Work item:
Of the entries below, return only those lines from the line with "(forall h, h \in S -> trank" to the line with "move=> min_f Ss", exactly, both included.

Stored data entries:
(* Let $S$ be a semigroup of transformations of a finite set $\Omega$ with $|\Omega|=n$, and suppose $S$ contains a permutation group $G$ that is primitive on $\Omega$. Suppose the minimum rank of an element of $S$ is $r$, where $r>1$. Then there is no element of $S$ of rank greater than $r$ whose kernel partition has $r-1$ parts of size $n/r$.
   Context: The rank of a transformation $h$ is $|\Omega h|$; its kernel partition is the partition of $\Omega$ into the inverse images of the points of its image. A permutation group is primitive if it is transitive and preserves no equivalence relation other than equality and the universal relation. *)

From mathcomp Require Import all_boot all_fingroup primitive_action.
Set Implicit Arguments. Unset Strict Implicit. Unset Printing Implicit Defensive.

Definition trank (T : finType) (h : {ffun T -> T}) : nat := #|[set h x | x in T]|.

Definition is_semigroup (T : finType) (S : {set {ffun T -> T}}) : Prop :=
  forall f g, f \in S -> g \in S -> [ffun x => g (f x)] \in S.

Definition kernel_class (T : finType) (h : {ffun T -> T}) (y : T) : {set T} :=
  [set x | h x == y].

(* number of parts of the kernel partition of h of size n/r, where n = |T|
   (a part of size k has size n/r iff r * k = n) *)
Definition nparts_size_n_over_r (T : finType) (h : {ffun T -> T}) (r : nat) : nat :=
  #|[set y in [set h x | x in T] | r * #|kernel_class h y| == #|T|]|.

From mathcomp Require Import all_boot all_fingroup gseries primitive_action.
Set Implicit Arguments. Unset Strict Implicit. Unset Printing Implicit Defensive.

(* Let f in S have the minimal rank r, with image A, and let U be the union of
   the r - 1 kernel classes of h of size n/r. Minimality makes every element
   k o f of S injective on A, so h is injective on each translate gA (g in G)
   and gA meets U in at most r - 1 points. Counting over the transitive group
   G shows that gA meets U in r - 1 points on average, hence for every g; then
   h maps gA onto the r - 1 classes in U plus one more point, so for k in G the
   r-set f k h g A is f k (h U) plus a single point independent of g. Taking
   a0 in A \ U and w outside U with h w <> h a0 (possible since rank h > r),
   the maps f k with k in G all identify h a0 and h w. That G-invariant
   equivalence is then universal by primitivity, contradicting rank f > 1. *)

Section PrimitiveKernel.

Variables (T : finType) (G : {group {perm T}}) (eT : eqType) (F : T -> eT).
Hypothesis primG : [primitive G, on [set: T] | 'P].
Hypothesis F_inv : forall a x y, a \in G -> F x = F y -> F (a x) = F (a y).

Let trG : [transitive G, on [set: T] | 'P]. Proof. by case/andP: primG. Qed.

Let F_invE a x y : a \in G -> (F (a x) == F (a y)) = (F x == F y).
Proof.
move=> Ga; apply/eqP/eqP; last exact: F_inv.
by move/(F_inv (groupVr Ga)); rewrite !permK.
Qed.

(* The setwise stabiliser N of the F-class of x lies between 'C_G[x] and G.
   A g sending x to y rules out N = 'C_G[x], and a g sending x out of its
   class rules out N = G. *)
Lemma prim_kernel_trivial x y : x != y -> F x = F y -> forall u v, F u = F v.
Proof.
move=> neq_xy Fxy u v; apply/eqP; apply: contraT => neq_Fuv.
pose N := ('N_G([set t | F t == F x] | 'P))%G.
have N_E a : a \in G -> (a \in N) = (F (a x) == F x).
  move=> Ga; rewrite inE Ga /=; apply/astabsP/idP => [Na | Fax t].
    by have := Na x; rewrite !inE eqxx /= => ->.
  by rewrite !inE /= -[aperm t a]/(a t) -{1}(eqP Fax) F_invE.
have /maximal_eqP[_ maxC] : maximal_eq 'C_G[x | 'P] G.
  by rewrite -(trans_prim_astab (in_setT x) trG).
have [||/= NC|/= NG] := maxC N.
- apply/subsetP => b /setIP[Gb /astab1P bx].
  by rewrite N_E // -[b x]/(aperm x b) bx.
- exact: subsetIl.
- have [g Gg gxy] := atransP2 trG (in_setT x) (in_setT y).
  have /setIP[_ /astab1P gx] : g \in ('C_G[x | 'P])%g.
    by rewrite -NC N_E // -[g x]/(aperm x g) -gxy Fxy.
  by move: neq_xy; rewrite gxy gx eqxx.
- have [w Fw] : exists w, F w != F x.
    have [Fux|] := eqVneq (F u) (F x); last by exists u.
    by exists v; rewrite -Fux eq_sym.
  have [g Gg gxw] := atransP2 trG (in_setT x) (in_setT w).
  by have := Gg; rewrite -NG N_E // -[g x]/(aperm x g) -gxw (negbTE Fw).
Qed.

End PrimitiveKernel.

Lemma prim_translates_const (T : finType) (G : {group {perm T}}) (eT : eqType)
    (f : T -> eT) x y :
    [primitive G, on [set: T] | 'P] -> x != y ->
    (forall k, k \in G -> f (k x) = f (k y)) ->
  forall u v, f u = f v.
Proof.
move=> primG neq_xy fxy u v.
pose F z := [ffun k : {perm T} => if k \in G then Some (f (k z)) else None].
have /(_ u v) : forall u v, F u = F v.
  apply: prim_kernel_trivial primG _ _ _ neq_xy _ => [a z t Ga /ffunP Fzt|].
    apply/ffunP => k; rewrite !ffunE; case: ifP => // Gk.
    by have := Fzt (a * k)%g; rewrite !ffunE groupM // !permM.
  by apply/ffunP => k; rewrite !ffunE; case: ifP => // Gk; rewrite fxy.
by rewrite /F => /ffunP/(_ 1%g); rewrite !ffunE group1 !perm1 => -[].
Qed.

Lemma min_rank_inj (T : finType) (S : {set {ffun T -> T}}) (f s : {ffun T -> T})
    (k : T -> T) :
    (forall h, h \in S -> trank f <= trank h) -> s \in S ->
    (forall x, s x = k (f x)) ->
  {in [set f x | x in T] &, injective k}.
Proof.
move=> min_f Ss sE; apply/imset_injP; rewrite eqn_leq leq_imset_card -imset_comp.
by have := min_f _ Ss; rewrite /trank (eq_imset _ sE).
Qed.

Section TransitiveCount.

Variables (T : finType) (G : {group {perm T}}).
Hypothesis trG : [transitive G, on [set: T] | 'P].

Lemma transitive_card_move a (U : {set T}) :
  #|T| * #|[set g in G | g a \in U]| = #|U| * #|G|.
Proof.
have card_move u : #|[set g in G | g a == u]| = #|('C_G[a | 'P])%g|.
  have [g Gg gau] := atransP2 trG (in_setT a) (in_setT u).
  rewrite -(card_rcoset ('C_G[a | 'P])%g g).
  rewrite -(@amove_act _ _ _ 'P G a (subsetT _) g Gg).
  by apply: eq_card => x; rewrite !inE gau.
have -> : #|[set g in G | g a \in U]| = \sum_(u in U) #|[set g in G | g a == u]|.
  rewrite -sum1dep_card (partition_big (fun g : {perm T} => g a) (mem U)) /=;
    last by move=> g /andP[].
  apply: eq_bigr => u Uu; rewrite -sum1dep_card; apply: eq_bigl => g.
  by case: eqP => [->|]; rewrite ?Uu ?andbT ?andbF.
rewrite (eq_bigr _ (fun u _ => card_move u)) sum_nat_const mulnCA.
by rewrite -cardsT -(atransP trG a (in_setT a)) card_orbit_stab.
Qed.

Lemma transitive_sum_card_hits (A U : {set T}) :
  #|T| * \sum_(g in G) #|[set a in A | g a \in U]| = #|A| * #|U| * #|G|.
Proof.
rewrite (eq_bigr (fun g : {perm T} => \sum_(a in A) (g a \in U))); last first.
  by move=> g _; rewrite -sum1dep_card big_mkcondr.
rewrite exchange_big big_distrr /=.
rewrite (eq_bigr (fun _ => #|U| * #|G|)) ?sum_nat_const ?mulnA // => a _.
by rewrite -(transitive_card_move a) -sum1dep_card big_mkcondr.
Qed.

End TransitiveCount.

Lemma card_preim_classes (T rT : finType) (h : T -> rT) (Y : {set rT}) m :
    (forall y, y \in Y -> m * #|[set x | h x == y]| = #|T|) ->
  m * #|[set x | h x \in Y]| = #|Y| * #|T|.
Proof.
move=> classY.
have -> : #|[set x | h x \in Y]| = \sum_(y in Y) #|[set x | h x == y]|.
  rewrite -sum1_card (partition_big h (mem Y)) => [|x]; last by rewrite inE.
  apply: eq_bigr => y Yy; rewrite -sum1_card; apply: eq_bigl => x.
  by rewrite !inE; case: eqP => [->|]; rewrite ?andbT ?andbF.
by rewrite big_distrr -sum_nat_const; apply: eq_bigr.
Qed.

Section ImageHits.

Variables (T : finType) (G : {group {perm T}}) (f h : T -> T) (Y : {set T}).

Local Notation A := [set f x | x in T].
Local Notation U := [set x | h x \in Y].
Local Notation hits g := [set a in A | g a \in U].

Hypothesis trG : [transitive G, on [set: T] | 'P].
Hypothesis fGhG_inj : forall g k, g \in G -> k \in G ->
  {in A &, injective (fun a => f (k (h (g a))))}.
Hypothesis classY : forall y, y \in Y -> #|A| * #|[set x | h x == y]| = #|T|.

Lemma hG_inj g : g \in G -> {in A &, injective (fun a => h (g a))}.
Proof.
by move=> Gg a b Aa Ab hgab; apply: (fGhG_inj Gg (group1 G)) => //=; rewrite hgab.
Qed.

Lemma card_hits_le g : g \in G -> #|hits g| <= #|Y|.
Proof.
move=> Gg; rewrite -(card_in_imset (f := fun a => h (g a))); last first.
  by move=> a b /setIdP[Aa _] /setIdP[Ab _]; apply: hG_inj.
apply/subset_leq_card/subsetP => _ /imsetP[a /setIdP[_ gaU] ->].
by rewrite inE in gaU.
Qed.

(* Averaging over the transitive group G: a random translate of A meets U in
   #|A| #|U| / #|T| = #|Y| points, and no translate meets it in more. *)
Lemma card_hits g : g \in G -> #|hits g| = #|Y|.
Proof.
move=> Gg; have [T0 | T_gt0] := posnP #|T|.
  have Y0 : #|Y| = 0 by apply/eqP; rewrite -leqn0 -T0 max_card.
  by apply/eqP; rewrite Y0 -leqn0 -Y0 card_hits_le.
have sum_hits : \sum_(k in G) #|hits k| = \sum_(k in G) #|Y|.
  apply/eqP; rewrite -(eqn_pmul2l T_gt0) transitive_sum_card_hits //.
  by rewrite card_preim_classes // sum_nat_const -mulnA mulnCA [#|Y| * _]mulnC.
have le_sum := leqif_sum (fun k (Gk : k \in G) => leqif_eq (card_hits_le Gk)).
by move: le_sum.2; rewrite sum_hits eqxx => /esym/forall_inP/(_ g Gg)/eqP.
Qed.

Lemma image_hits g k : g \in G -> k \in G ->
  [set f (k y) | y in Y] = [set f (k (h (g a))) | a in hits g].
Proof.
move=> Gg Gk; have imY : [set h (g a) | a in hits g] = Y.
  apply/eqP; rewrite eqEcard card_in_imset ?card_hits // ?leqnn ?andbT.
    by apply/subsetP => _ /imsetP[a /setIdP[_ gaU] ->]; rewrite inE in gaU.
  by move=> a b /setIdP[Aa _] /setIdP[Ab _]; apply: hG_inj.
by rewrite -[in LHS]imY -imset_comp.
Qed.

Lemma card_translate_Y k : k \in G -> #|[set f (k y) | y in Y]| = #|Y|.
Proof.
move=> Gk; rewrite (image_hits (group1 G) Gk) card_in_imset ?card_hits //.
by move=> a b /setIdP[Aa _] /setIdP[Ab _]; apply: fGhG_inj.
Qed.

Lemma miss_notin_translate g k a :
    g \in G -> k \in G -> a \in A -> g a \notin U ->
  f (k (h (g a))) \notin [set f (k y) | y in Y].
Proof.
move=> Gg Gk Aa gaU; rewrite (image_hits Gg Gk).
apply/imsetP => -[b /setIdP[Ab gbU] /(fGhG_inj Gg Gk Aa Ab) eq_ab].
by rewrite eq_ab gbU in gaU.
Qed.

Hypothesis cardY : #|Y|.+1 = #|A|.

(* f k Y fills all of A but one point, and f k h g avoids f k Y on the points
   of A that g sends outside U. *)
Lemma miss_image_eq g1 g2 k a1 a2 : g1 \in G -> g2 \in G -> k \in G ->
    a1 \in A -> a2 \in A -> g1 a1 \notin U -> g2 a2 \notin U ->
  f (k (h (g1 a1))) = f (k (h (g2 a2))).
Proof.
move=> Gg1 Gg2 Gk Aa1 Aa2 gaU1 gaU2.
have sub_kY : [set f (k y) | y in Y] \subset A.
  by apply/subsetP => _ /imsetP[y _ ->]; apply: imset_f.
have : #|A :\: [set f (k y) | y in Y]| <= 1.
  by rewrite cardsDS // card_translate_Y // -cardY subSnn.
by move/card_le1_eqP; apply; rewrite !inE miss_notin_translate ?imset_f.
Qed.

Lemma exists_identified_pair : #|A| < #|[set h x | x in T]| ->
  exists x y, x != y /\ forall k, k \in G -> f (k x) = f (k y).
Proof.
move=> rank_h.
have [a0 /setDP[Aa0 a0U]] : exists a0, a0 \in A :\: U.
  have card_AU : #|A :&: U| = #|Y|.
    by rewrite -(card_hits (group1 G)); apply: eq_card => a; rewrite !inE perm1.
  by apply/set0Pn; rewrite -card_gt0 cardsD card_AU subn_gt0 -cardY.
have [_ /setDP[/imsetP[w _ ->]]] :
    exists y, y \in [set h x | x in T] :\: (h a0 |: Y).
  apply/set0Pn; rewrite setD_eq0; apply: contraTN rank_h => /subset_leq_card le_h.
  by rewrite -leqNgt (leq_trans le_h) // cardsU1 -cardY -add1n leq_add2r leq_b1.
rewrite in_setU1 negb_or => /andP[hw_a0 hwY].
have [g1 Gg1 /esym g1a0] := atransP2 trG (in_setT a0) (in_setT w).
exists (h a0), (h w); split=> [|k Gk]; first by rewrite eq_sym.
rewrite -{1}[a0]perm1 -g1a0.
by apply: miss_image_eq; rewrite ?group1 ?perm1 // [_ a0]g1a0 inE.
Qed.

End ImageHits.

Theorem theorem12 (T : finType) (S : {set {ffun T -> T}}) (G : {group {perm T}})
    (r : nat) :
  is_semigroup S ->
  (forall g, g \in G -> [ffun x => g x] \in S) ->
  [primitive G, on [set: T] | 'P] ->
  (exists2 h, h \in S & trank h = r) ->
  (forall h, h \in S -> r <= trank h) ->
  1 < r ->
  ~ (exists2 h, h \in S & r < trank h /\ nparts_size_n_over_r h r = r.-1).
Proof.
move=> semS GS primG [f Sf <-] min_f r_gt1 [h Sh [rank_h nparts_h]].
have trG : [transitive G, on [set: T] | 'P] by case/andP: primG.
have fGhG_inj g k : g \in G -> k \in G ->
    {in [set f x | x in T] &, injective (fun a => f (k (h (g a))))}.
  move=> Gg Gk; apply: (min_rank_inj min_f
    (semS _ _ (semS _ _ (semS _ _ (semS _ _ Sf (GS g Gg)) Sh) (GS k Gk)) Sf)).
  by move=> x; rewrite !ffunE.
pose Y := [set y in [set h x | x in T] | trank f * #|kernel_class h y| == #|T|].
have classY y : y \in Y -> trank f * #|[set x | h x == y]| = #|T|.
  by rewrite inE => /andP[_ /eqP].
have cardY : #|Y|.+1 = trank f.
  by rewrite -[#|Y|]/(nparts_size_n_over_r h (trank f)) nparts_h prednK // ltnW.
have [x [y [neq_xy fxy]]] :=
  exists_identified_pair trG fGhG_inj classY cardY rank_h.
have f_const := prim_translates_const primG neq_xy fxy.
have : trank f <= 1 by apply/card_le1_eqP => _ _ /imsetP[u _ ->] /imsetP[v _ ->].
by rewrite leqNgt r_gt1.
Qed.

Response below:
    (forall h, h \in S -> trank f <= trank h) -> s \in S ->
    (forall x, s x = k (f x)) ->
  {in [set f x | x in T] &, injective k}.
Proof.
move=> min_f Ss sE; apply/imset_injP; rewrite eqn_leq leq_imset_card -imset_comp.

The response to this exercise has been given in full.